None of the above applies to Canada: we have increased our tail-pipe emissions, not reduced them by 90%.
Our most populous province (with probably more tire-miles than any other) no longer requires regular tail-pipe emissions testing, more people drive cars, there are more SUVs and I'd wager also more transport truck and heavy-duty equipment traffic.
The pretty much the only kind of air pollution that has been a publicized concern in Canada has been particulates of one sort or another: the gaseous ones have received short shrift when it comes to media and public awareness.

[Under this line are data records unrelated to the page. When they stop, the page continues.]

Lemma leaf_pair_closed_nbh_inj d d' p p' x :
  leaf_pair d p -> leaf_pair d' p' ->
  x \in closed_nbh e [set p.1; p.2] -> x \in closed_nbh e [set p'.1; p'.2] -> d = d'.
Proof.
move=> dp d'p' /(closed_nbh_leaf_pair dp)/orP[/eqP xd|/andP[lx edx]].
  by move=> /(closed_nbh_leaf_pair d'p'); rewrite xd (negbTE (leaf_pair_nonleaf dp)) orbF => /eqP.
move=> /(closed_nbh_leaf_pair d'p')/orP[/eqP xd'|/andP[_ ed'x]].
  by move: (leaf_pair_nonleaf d'p'); rewrite -xd' lx.
by apply: (leaf_nbr_uniq lx); rewrite e_sym.
Qed.

End Leaves.

Section Tree.
Variables (T : finType) (e : rel T).
Hypothesis e_tree : tree e.

Lemma tree_sym : symmetric e. Proof. by case: e_tree => -[]. Qed.
Let e_irr : irreflexive e. Proof. by case: e_tree => -[]. Qed.

Lemma tree_no_triangle a b c : e a b -> e b c -> e c a -> False.
Proof.
move=> ab bc ca; have ne x y : e x y -> x != y by apply: contraTneq => ->; rewrite e_irr.
case: e_tree => _ _ /(_ [:: a; b; c]).
by rewrite /= !inE negb_or (ne _ _ ab) (ne _ _ bc) eq_sym (ne _ _ ca) ab bc ca => /(_ isT isT).
Qed.

Lemma tree_no_square a b c u :
  e a b -> e b c -> e c u -> e u a -> a != c -> b != u -> False.
Proof.
move=> ab bc cu ua ac bu.
have ne x y : e x y -> x != y by apply: contraTneq => ->; rewrite e_irr.
case: e_tree => _ _ /(_ [:: a; b; c; u]).
rewrite /= !inE !negb_or (ne _ _ ab) ac eq_sym (ne _ _ ua) (ne _ _ bc) bu.
by rewrite (ne _ _ cu) ab bc cu ua => /(_ isT isT).
Qed.

Lemma nonleaf_nbr_of_not_star d :
  closed_nbh e [set d] != setT -> exists2 z, e d z & ~~ leaf e z.
Proof.
move=> not_star.
have [/existsP[z /andP[]]|/existsPn all_leaves] := boolP [exists z, e d z && ~~ leaf e z].
  by exists z.
case/negP: not_star; rewrite eqEsubset subsetT /=; apply/subsetP => y _.
have [_ [_ /(_ d y) dy] _] := e_tree.
have closedN : closed e (closed_nbh e [set d]).
  apply: intro_closed; first exact: sym_connect_sym tree_sym.
  move=> x z; rewrite !in_closed_nbh1 => exz /orP[/eqP xd|edx]; first by rewrite -xd exz orbT.
  move: (all_leaves x); rewrite edx negbK /= => lx.
  by rewrite (leaf_nbr_uniq lx exz (_ : e x d)) ?eqxx // tree_sym.
by rewrite -(closed_connect closedN dy) in_closed_nbh1 eqxx.
Qed.

Section DeleteVertex.
Variables (D : {set T}) (d : T).
Hypothesis D_dom : dominating e D.
Hypothesis no_leaf_pair : forall p, ~~ leaf_pair e d p.
Hypothesis not_star : closed_nbh e [set d] != setT.
Lemma heat_le_barrier eps eta L : 0 < eps -> 0 < eta -> eta <= L ->
  (forall x, l0 - eta <= x -> x <= l0 -> u x 1 < c + eps) ->
  forall x t, x \in `[l0 - L, l0] -> 1 <= t ->
  u x t <= heat_barrier l0 L (c + eps) (2 * K / L) (2 * K / (eta * L)) (2 / L ^+ 2) x t.
Proof.
move=> eps_gt0 eta_gt0 etaL u_near x t xL t_ge1.
have [u_bd u_l0 _ _ _ _] := hu.
have L_gt0 : 0 < L := lt_le_trans eta_gt0 etaL.
have /andP[Kc cK] : - K <= c <= K by rewrite -ler_norml -(u_l0 1) ?u_bd.
set k := 2 * K / L; set A := 2 * K / (eta * L); set mu := 2 / L ^+ 2.
have kL : k * L = 2 * K by rewrite /k mulfVK ?gt_eqF.
have AetaL : A * (eta * L) = 2 * K by rewrite /A mulfVK ?gt_eqF ?mulr_gt0.
have k_ge0 : 0 <= k by apply: divr_ge0; lra.
have A_ge0 : 0 <= A by apply: divr_ge0; [lra | exact/ltW/mulr_gt0].
pose g s := expR (- (mu * (s - 1))).
pose h y := (l0 - y) * (2 * L - (l0 - y)).
have Ag_ge0 s : 0 <= A * g s by apply: mulr_ge0 => //; exact: expR_ge0.
apply: (heat_le_supersolution (phix := fun y s => - k + A * g s * (2 * (l0 - y) - 2 * L))
  (phixx := fun y s => - 2 * A * g s) (phit := fun y s => - mu * A * g s * h y)
  (L := L) (T := t)) => //.
- exact: heat_barrier_continuous.
- by move=> y s _ _; apply: is_derive_eq; rewrite /GRing.scale /g /h /=; ring.
- by move=> y s _ _; apply: is_derive_eq; rewrite /GRing.scale /g /=; ring.
- by move=> y s _ _; apply: is_derive_eq; rewrite /GRing.scale /g /h /=; ring.
- move=> y s _ _; have muh : mu * h y <= 2.
    by rewrite /mu mulrAC ler_pdivrMr ?exprn_gt0 // ler_pM2l // mulr_2subr_le_sqr.
  rewrite -subr_ge0 (_ : _ - _ = A * g s * (2 - mu * h y)); last by ring.
  by apply: mulr_ge0; rewrite ?subr_ge0.
- move=> s; rewrite in_itv /= => /andP[s_ge1 _]; have s_gt0 : 0 < s by lra.
  have hL : h (l0 - L) = L ^+ 2 by rewrite /h; ring.
  have h0 : h l0 = 0 by rewrite /h subrr mul0r.
  rewrite /heat_barrier -/(g s) -/(h (l0 - L)) -/(h l0) hL h0 u_l0 // subrr mulr0 !addr0.
  have -> : l0 - (l0 - L) = L by ring.
  have := mulr_ge0 (Ag_ge0 s) (sqr_ge0 L).
  have : `|u (l0 - L) s| <= K by apply: u_bd => //; lra.
  by rewrite ler_norml => /andP[_ ?]; split; lra.
- move=> y /[dup] yL; rewrite in_itv /= => /andP[yL1 yl0].
  rewrite /heat_barrier -/(g 1) -/(h y) /g subrr mulr0 oppr0 expR0 mulr1.
  have ky_ge0 : 0 <= k * (l0 - y) by apply: mulr_ge0 => //; lra.
  have Ah_ge0 : 0 <= A * h y by apply: mulr_ge0 => //; rewrite /h; apply: mulr_ge0; lra.
  have [y_near | y_far] := leP (l0 - y) eta.
    by have := u_near y (ltac:(lra)) yl0; lra.
  have : A * (eta * L) <= A * h y by apply: ler_wpM2l => //; rewrite /h; apply: ler_pM; lra.
  have : `|u y 1| <= K by exact: u_bd.
  by rewrite ler_norml => /andP[_ ?]; lra.
- by rewrite in_itv /= t_ge1 lexx.
Qed.

Lemma heat_halfline_eventually_le a eps : a <= l0 -> 0 < eps ->
  exists T, forall t x, T <= t -> a <= x -> x <= l0 -> u x t <= c + 3 * eps.
Proof.
move=> al0 eps_gt0; have [u_bd _ _ _ _ _] := hu.
have K_ge0 : 0 <= K by exact: le_trans (normr_ge0 _) (u_bd l0 1 (lexx _) ltr01).
have [eta eta_gt0 u_near] := heat_initial_lt_near_boundary eps_gt0.
have q_ge0 : 0 <= 2 * K * (l0 - a) / eps by rewrite divr_ge0 ?mulr_ge0 ?subr_ge0 // ltW.
pose L := eta + (l0 - a) + 2 * K * (l0 - a) / eps.
have [L_gt0 etaL aL] : [/\ 0 < L, eta <= L & l0 - L <= a] by rewrite /L; split; lra.
have KL_le : 2 * K * (l0 - a) <= eps * L.
  rewrite /L !mulrDr (mulrC eps (_ / eps)) divfK ?gt_eqF //.
  have := mulr_ge0 (ltW eps_gt0) (ltW eta_gt0).
  have : 0 <= eps * (l0 - a) by rewrite mulr_ge0 ?subr_ge0 // ltW.
  lra.
set A := 2 * K / (eta * L); set mu := 2 / L ^+ 2.
have A_ge0 : 0 <= A by rewrite divr_ge0 ?mulr_ge0 // ltW // mulr_gt0.
have mu_gt0 : 0 < mu by rewrite divr_gt0 ?exprn_gt0.
have AL_ge0 : 0 <= A * L ^+ 2 by rewrite mulr_ge0 ?sqr_ge0.
exists (1 + A * L ^+ 2 / (eps * mu)) => t x Tt ax xl0.
have decay : A * L ^+ 2 * expR (- (mu * (t - 1))) <= eps.
  by apply: mulr_expRN_le => //; rewrite lerBrDl.
have t_ge1 : 1 <= t.
  by apply: le_trans Tt; rewrite lerDl divr_ge0 // ltW // mulr_gt0.
apply: le_trans (heat_le_barrier eps_gt0 eta_gt0 etaL u_near _ t_ge1) _.
  by rewrite in_itv /= xl0 (le_trans aL).
rewrite /heat_barrier -/A -/mu.
have : 2 * K / L * (l0 - x) <= eps.
  rewrite mulrAC ler_pdivrMr // (le_trans _ KL_le) // ler_wpM2l ?mulr_ge0 //.
  by rewrite lerD2l lerN2.
have : A * expR (- (mu * (t - 1))) * ((l0 - x) * (2 * L - (l0 - x))) <= eps.
  apply: le_trans decay; rewrite [leRHS]mulrAC.
  by apply: ler_wpM2l; [exact: mulr_ge0 (expR_ge0 _) | exact: mulr_2subr_le_sqr].
lra.
Qed.

End heat_halfline.

Section heat_halfline_limit.
Context {R : realType}.

Lemma heat_halfline_cvg (l0 c K : R) (u ux uxx : R -> R -> R) :
  heat_halfline_solution l0 c K u ux uxx -> loc_unif_cvg_halfline l0 u c.
Proof.
move=> hu a al0 eps eps_gt0.
have e_gt0 : 0 < eps / 4 by rewrite divr_gt0.
have [T1 u_le] := heat_halfline_eventually_le hu al0 e_gt0.
have [T2 u_ge] := heat_halfline_eventually_le (heat_halfline_solutionN hu) al0 e_gt0.
exists (Num.max T1 T2) => t; rewrite ge_max => /andP[T1t T2t] x ax xl0.
have := u_le t x T1t ax xl0; have := u_ge t x T2t ax xl0.
by move=> ? ?; rewrite ltr_norml; apply/andP; split; lra.
Qed.

Lemma loc_unif_cvg_halfline_comp (l0 c : R) (u : R -> R -> R) (f : R -> R) :
  {for c, continuous f} -> loc_unif_cvg_halfline l0 u c ->
  loc_unif_cvg_halfline l0 (fun x t => f (u x t)) (f c).
Proof.
move=> f_cont u_cvg a al0 eps eps_gt0.
have /nbhs_ballP[d /= d_gt0 f_near] : \forall y \near c, `|f c - f y| < eps.
  by move: f_cont => /cvgrPdist_lt/(_ eps eps_gt0).
have [T u_near] := u_cvg a al0 d d_gt0.
exists T => t Tt x ax xl0; rewrite distrC; apply: f_near.
by rewrite /ball /= distrC; exact: u_near.
Qed.

End heat_halfline_limit.

Section hopf_cole.
Context {R : realType}.

Definition hopf_cole (M : R) (w : R -> R -> R) x t := expR (- (M * w x t)).

Lemma bounded_solution_hopf_cole (M l0 delta0 : R) (w0 : R -> R) (w : R -> R -> R) :
  is_bounded_solution M l0 delta0 w0 w ->
  exists K, heat_halfline_solution l0 (expR (- (M * delta0))) K (hopf_cole M w)
    (fun x t => - M * dx w x t * hopf_cole M w x t)
    (fun x t => - M * derive1 (w x) t * hopf_cole M w x t).
Proof.
case=> -[C w_bd] w_pde w_cont w_l0 _.
have d1 (f : R -> R) y : derivable f y 1 -> is_derive y 1 f (derive1 f y).
  by move=> /derivableP; rewrite derive1E.
exists (expR (`|M| * C)); split.
- move=> x t xl0 t_gt0; rewrite ger0_norm ?expR_ge0 // ler_expR.
  rewrite (le_trans (ler_norm _)) // normrN normrM ler_wpM2l //.
  exact: w_bd (ltW t_gt0).
- by move=> t t_gt0; rewrite /hopf_cole w_l0 // ltW.
- move=> p; apply: (@continuous_comp (subspace [set p : R * R | p.1 <= l0 /\ 0 < p.2]) _ _
    (fun q : R * R => - (M * w q.1 q.2)) expR).
    by apply: cvgN; apply: cvgM; [exact: cvg_cst | exact: w_cont].
  exact: continuous_expR.
- move=> x t xl0 t_gt0; have [/d1 w_x _ _ _ _] := w_pde x t xl0 t_gt0.
  by rewrite /hopf_cole; apply: is_derive_eq; rewrite /GRing.scale /dx /=; ring.
- move=> x t xl0 t_gt0; have [/d1 w_x _ /d1 wx_x _ ->] := w_pde x t xl0 t_gt0.
  by rewrite /hopf_cole; apply: is_derive_eq; rewrite /GRing.scale /dx /=; ring.
- move=> x t xl0 t_gt0; have [_ _ _ /d1 w_t _] := w_pde x t xl0 t_gt0.
  by rewrite /hopf_cole; apply: is_derive_eq; rewrite /GRing.scale /=; ring.
Qed.

End hopf_cole.

Theorem lemma3p3 (R : realType) (M delta0 l0 : R) (w0 : R -> R) (w : R -> R -> R)
  (hM : 0 < M) (hdelta0 : 0 < delta0)
  (hw0 : Linfty_halfline l0 w0) (hw0neg : vanishes_at_minus_infty w0)
  (hw : is_bounded_solution M l0 delta0 w0 w) :
  loc_unif_cvg_halfline l0 w delta0.
Proof.
have [K hu] := bounded_solution_hopf_cole hw.
have hopf_coleK v : - ln (expR (- (M * v))) / M = v.
  by rewrite expRK opprK mulrC mulKf ?gt_eqF.
have ln_cont : {for expR (- (M * delta0)), continuous (fun y => - ln y / M)}.
  by apply: cvgM; [apply: cvgN; exact: continuous_ln (expR_gt0 _) | exact: cvg_cst].
have := loc_unif_cvg_halfline_comp ln_cont (heat_halfline_cvg hu).
rewrite hopf_coleK (_ : (fun x t => _) = w) //.
by apply/funext => x; apply/funext => t; exact: hopf_coleK.
Qed.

They off-gas from various synthetic materials, especially solvents and glues, preservatives, binders, pesticides, agricultural chemicals generally (including animal feed and fertilizers), laundry and other cleaning aids, additives to fuels and water, and the list goes on and on and on. Do you remember when the water from your kitchen tap didn't smell like a heavily chlorinated swimming pool? When soap was soap, not a toxic mess of detergent, binders, extenders, whiteners, brighteners, synthetic scent, "grease lifters" and emulsifiers, lubricants, surfactants, "rinsing agents," etc.?
Many substances in common, everyday use, are known to be toxic to humans in a long list of ways. Governments have been in the habit of weighing their "economic benefits" against harms to plant and animal life, including of humans, in a bizarre cost-benefit analysis. Human health and life are apparently not all that weighty when considered against corporate profits. And after all, "treating" the (sometimes incurable) illnesses that result add to GDP, so there's no downside that matters, right?